Question

Salmon / IGV

0

Entering edit mode

5.8 years ago

pablo ▴ 300

Hi guys,

I've a question about my salmon results'

I have got 6 samples (3 conditions with 2 replicates each) and therefore 6 quant.sf files for each one

I want to compare my 3 conditions : A vs B , A vs C , B vs C

But for that, I need to know more details about splicing junctions and transposable elements (TEs)

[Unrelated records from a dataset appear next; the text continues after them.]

Lemma u_du_nonneg : forall x, 0 < x < d -> 0 <= u x * du x.
Proof.
  intros x Hx. destruct (Rle_or_lt 0 (u x * du x)) as [|Hneg]; [assumption | exfalso].
  (* On [(0, x)], [(u^2)' = 2 u du <= 2 (u du)(x) < 0], so [u^2] stays above
     [m = -(u du)(x) x > 0] near [0], contradicting [u(0+) = 0]. *)
  set (m := - (u x * du x) * x).
  assert (Hev : at_right 0 (fun t => m <= u t * u t)).
  { apply (at_right_of_interval 0 (x / 2)); [lra|]. intros t Ht.
    destruct (mean_value_interior (fun t => u t * u t)
      (fun t => du t * u t + u t * du t) 0 d t x) as [c [Hc E]]; try lra.
    { intros z Hz. apply is_derive_Rmult; apply Hdu; exact Hz. }
    assert (u c * du c <= u x * du x) by (apply u_du_nondecreasing; lra).
    unfold m. nra. }
  pose proof (closed_filterlim_loc _ _ _ (filterlim_Rmult u u 0 0 Hu0 Hu0) Hev (closed_ge m)).
  unfold m in *. nra.
Qed.

Lemma abs_du_nondecreasing :
  forall x y, 0 < x -> x <= y -> y < d -> Rabs (du x) <= Rabs (du y).
Proof.
  intros x y Hx Hxy Hy. apply Rsqr_le_abs_0. unfold Rsqr.
  revert x y Hx Hxy Hy.
  apply (nondecreasing_of_derive_nonneg _ (fun x => p x * u x * du x + du x * (p x * u x))).
  - intros x Hx. apply is_derive_Rmult; apply Hddu; exact Hx.
  - intros x Hx. pose proof (u_du_nonneg x Hx). pose proof (Hp x Hx). nra.
Qed.

End NonnegativePotential.

(* The quantity [P] of the header, coming from Rellich's multiplier [x u']. *)
Definition pohozaev (c lam : R) (u : R -> R) (x : R) : R :=
  x * Derive u x ^ 2 - u x * Derive u x - c * u x ^ 2 / x + lam * x * u x ^ 2.

Lemma abs_pohozaev_le (c lam B x : R) (u : R -> R) :
  0 <= c -> 0 < x <= 1 -> Rabs (Derive u x) <= B -> Rabs (u x) <= B * x ->
  Rabs (pohozaev c lam u x) <= (2 + c + Rabs lam) * B ^ 2 * x.
Proof.
  unfold pohozaev. set (a := u x). set (v := Derive u x). intros Hc Hx Hv Ha.
  assert (HB : 0 <= B) by (pose proof (Rabs_pos v); lra).
  assert (Hv2 : v ^ 2 <= B ^ 2)
    by (rewrite <- (pow2_abs v); apply pow_incr; split; [apply Rabs_pos | exact Hv]).
  assert (Ha2 : a ^ 2 <= (B * x) ^ 2)
    by (rewrite <- (pow2_abs a); apply pow_incr; split; [apply Rabs_pos | exact Ha]).
  assert (Hav : Rabs (a * v) <= B ^ 2 * x).
  { rewrite Rabs_mult. pose proof (Rabs_pos a). pose proof (Rabs_pos v). nra. }
  assert (Hca : 0 <= c * a ^ 2 / x <= c * B ^ 2 * x).
  { split.
    - apply Rle_mult_inv_pos; [apply Rmult_le_pos; [lra | apply pow2_ge_0] | lra].
    - apply Rle_div_l; [lra|].
      apply Rle_trans with (c * (B * x) ^ 2); [apply Rmult_le_compat_l; lra | right; ring]. }
  assert (Hla : Rabs (lam * x * a ^ 2) <= Rabs lam * B ^ 2 * x).
  { rewrite !Rabs_mult, (Rabs_pos_eq x), (Rabs_pos_eq (a ^ 2)) by (apply pow2_ge_0 || lra).
    assert (B ^ 2 * x ^ 2 <= B ^ 2 * 1) by (apply Rmult_le_compat_l; [apply pow2_ge_0 | nra]).
    assert (a ^ 2 <= B ^ 2) by nra.
    replace (Rabs lam * B ^ 2 * x) with (Rabs lam * x * B ^ 2) by ring.
    apply Rmult_le_compat_l; [apply Rmult_le_pos; [apply Rabs_pos | lra] | lra]. }
  apply Rabs_le_between in Hav. apply Rabs_le_between in Hla.
  assert (0 <= x * v ^ 2 <= B ^ 2 * x) by (pose proof (pow2_ge_0 v); split; nra).
  apply Rabs_le. nra.
Qed.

I tried to import my (pseudo)bam files into IGV to try to understand how mapped reads deal with the reference transcriptome but I couldn't do it. About TEs, I don't know how I could get information about them.. I read papers but I'm still getting confused ..

Any suggestion?

Best, Vincent

salmon igv • 2.6k views

ADD COMMENT • link updated 5.8 years ago by h.mon 35k • written 5.8 years ago by pablo ▴ 300

2

Entering edit mode

If you are mapping with Salmon you are mapping to the transcriptome, and you are already taking into account splice junctions. If you want more details about splice junctions, you have to map against the genome - two good programs for this are STAR and HISAT2.

About TEs, see this pipeline: https://github.com/hyunhwaj/SalmonTE

I tried to import my (pseudo)bam files into IGV to try to understand how mapped reads deal with the reference transcriptome but I couldn't do it.

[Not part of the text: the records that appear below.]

(* Let $\tau:\mathcal{X}\to\mathcal{X}$ be a continuous map on a compact metric space $(\mathcal{X},d)$ and let $x_*\in\mathcal{X}$. Then $\tau$ is mixing with fixed point $x_*$ (i.e. $\lim_{n\to\infty}\tau^n(x)=x_*$ for all $x\in\mathcal{X}$) if and only if there exists a generalised Lyapunov function for $\tau$ around $x_*$.
   Context: $\tau^n$ is the $n$-fold composition of $\tau$. A continuous map $S:\mathcal{X}\to\mathbb{R}$ is a generalised Lyapunov function for $\tau$ around $x_*\in\mathcal{X}$ if for every $x\in\mathcal{X}$ the sequence $S(\tau^n(x))$ converges, and $\lim_{n\to\infty}S(\tau^n(x))\neq S(x)$ for all $x\neq x_*$. *)

From HB Require Import structures.
From mathcomp Require Import all_boot all_order all_algebra.
From mathcomp Require Import all_classical all_reals all_analysis.
Set Implicit Arguments. Unset Strict Implicit. Unset Printing Implicit Defensive.
Import Order.TTheory GRing.Theory Num.Theory.
Import numFieldNormedType.Exports.
Local Open Scope classical_set_scope.
Local Open Scope ring_scope.

Definition mixing_with_fixed_point {R : realType} {X : metricType R}
  (tau : X -> X) (xs : X) : Prop :=
  forall x : X, (fun n : nat => iter n tau x) @ \oo --> xs.

Definition generalised_lyapunov {R : realType} {X : metricType R}
  (tau : X -> X) (xs : X) (S : X -> R) : Prop :=
  continuous S /\
  (forall x : X, cvg ((fun n : nat => S (iter n tau x)) @ \oo)) /\
  (forall x : X, x <> xs -> lim ((fun n : nat => S (iter n tau x)) @ \oo) <> S x).

From HB Require Import structures.
From mathcomp Require Import all_boot all_order all_algebra.
From mathcomp Require Import all_classical all_reals all_analysis.
From mathcomp Require Import lra.
Import Order.TTheory GRing.Theory Num.Theory.
Import numFieldNormedType.Exports.
Local Open Scope classical_set_scope.
Local Open Scope ring_scope.

(* If tau^n x -> x*, then d(x*, .) is a Lyapunov function: along every orbit it
   tends to 0, which differs from d(x*, x) unless x = x*.  Conversely, given a
   Lyapunov function S, every cluster point y of the orbit of x has all its
   iterates tau^m y again clustering at the orbit, so S is constant, equal to
   lim S(tau^n x), along the orbit of y; the Lyapunov condition forces y = x*.
   By compactness, an orbit whose only cluster point is x* converges to x*. *)

Lemma cluster_map {T U : topologicalType} {F : set_system nat} {u : nat -> T}
    {f : T -> U} {y : T} :
  {for y, continuous f} -> cluster (u @ F) y -> cluster ((f \o u) @ F) (f y).
Proof.
move=> cf cy A B FA /cf nfB.
by have [z [Az Bz]] := cy (f @^-1` A) _ FA nfB; exists (f z).
Qed.

Lemma cluster_shift {T : topologicalType} (u : nat -> T) (y : T) :
  cluster ((fun n => u n.+1) @ \oo) y -> cluster (u @ \oo) y.
Proof.
apply: cvg_cluster => A [N _ uA]; exists N => // n /= Nn.
exact/uA/leqW.
Qed.

Section metric_distance.
Context {R : realFieldType} {X : metricType R}.

Lemma mdist_lipschitz (x y z : X) : `|mdist x y - mdist x z| <= mdist y z.
Proof.
have := metric_triangle x y z; have := metric_triangle x z y.
rewrite (metric_sym z y) ler_norml => ? ?; apply/andP; split; lra.
Qed.

Lemma continuous_mdist (x : X) : continuous (mdist x).
Proof.
move=> y; apply/cvgrPdist_lt => e e0.
apply: filterS (nbhsx_ballx y e e0) => z; rewrite ballEmdist /=.
exact/le_lt_trans/mdist_lipschitz.
Qed.

Lemma cvg_mdist0 {T} {F : set_system T} {FF : Filter F} {f : T -> X} {y : X} :
  f @ F --> y -> (fun t => mdist y (f t)) @ F --> (0 : R).
Proof.
move=> fy; apply/cvgrPdist_lt => e e0.
apply: filterS ((metricType_numDomainType.cvgrPdist_lt f y).1 fy e e0) => t.
by rewrite sub0r normrN ger0_norm // mdist_ge0.
Qed.

End metric_distance.

Section lyapunov.
Context {R : realType} {X : metricType R} (tau : X -> X) (xs : X).

Lemma mixing_lyapunov_mdist :
  mixing_with_fixed_point tau xs -> generalised_lyapunov tau xs (mdist xs).
Proof.
move=> mix.
have orbit0 x : mdist xs (iter n tau x) @[n --> \oo] --> 0.
  exact: cvg_mdist0.
split; [exact: continuous_mdist | split => x].
  by apply/cvg_ex; exists 0; exact: orbit0.
move=> xxs; rewrite (cvg_lim (@Rhausdorff R) (orbit0 x)).
by move=> /esym/mdist_positivity/esym.
Qed.

Hypothesis tau_continuous : continuous tau.

Lemma cluster_orbit_iter {x y : X} (m : nat) :
  cluster ((fun n => iter n tau x) @ \oo) y ->
  cluster ((fun n => iter n tau x) @ \oo) (iter m tau y).
Proof.
move=> cy; elim: m => [|m IH] //=.
by apply: cluster_shift; exact: cluster_map (tau_continuous _) IH.
Qed.

Variable S : X -> R.
Hypothesis S_lyapunov : generalised_lyapunov tau xs S.

Lemma lyapunov_cluster_orbit {x y : X} :
  cluster ((fun n => iter n tau x) @ \oo) y -> y = xs.
Proof.
case: S_lyapunov => cS [cvS Sxs] cy.
pose L := lim ((fun n => S (iter n tau x)) @ \oo).
have S_orbit_y m : S (iter m tau y) = L.
  have := cluster_map (cS _) (cluster_orbit_iter m cy).
  by move=> /(cvg_cluster (cvS x)) /(@Rhausdorff R).
apply: contrapT => yxs; apply: (Sxs y yxs).
rewrite (funext S_orbit_y) -(S_orbit_y 0%N).
exact/lim_cst/Rhausdorff.
Qed.

Lemma lyapunov_mixing :
  compact [set: X] -> mixing_with_fixed_point tau xs.
Proof.
move=> cX x; pose orbit := fun n => iter n tau x.
apply: (compact_cluster_set1 (@metric_hausdorff _ X) cX filterT).
  exact: filterT.
rewrite predeqE => y; split => [|->]; first exact: lyapunov_cluster_orbit.
have [z [_ cz]] := cX (orbit @ \oo) _ filterT.
by rewrite -(lyapunov_cluster_orbit cz).
Qed.

End lyapunov.

Theorem mainTheorem7 (R : realType) (X : metricType R)
  (tau : X -> X) (xs : X) :
  compact [set: X] -> continuous tau ->
  (mixing_with_fixed_point tau xs <->
   exists S : X -> R, generalised_lyapunov tau xs S).
Proof.
move=> cX ctau; split => [mix | [S lyapS]].
- by exists (mdist xs); exact: mixing_lyapunov_mdist.
- exact: lyapunov_mixing ctau S lyapS cX.
Qed.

You have to explain in more detail what you did and report error messages, if any, otherwise it will be difficult to help you.

ADD REPLY • link 5.8 years ago by h.mon 35k

1

Entering edit mode

Thanks for answering me ,

I mean, for example : for 1 gene, we can get many isoforms transcripts (A,B,C..) . So, how a read can be specific of the isoformA and not the B one for example? I can't understand how Salmon makes the difference ...

Thanks for SalmonTE, i'm gonna look that

About IGV, it requires a reference genome and bam files from the alignment. In my case, I have got a transcriptome reference and bam files from Salmon (in reality, I read they are not real bam files but pseudo bam files )

So, I import my transcriptome reference into IGV : it looks recognize the reference because there's no error messages and I can see the nucleotidic sequence of the transcriptome. But when I import one of my (pseudo)bam file from Salmon, IGV doesn't match the bam file with the transcriptome. There's no error message, but the software struggles a lot

I guess IGV does that because it is not suitable for transcriptome, and only for genome

ADD REPLY • link 5.8 years ago by pablo ▴ 300

score 0 · Answer 1 · 2018-08-02

Each isoform has some unique region, and some shared regions with other isoforms. Based on how many reads map to the unique regions of each isoform, Salmon uses an expectation-maximization algorithm to optimally apportion shared counts between isoforms. This question has been addressed before, e.g. see Rob answer to Big differences between mappings computed by Salmon and quantification .

Did you position-sort and index the bam file? Did you select one particular transcript for viewing? For bam visualization, IGV will only show mapped reads after zooming in to small regions. Another problem may be your transcriptome has hundreds of thousands of transcripts, and this may overload IGV. Did you check IGV memory usage after loading the bam?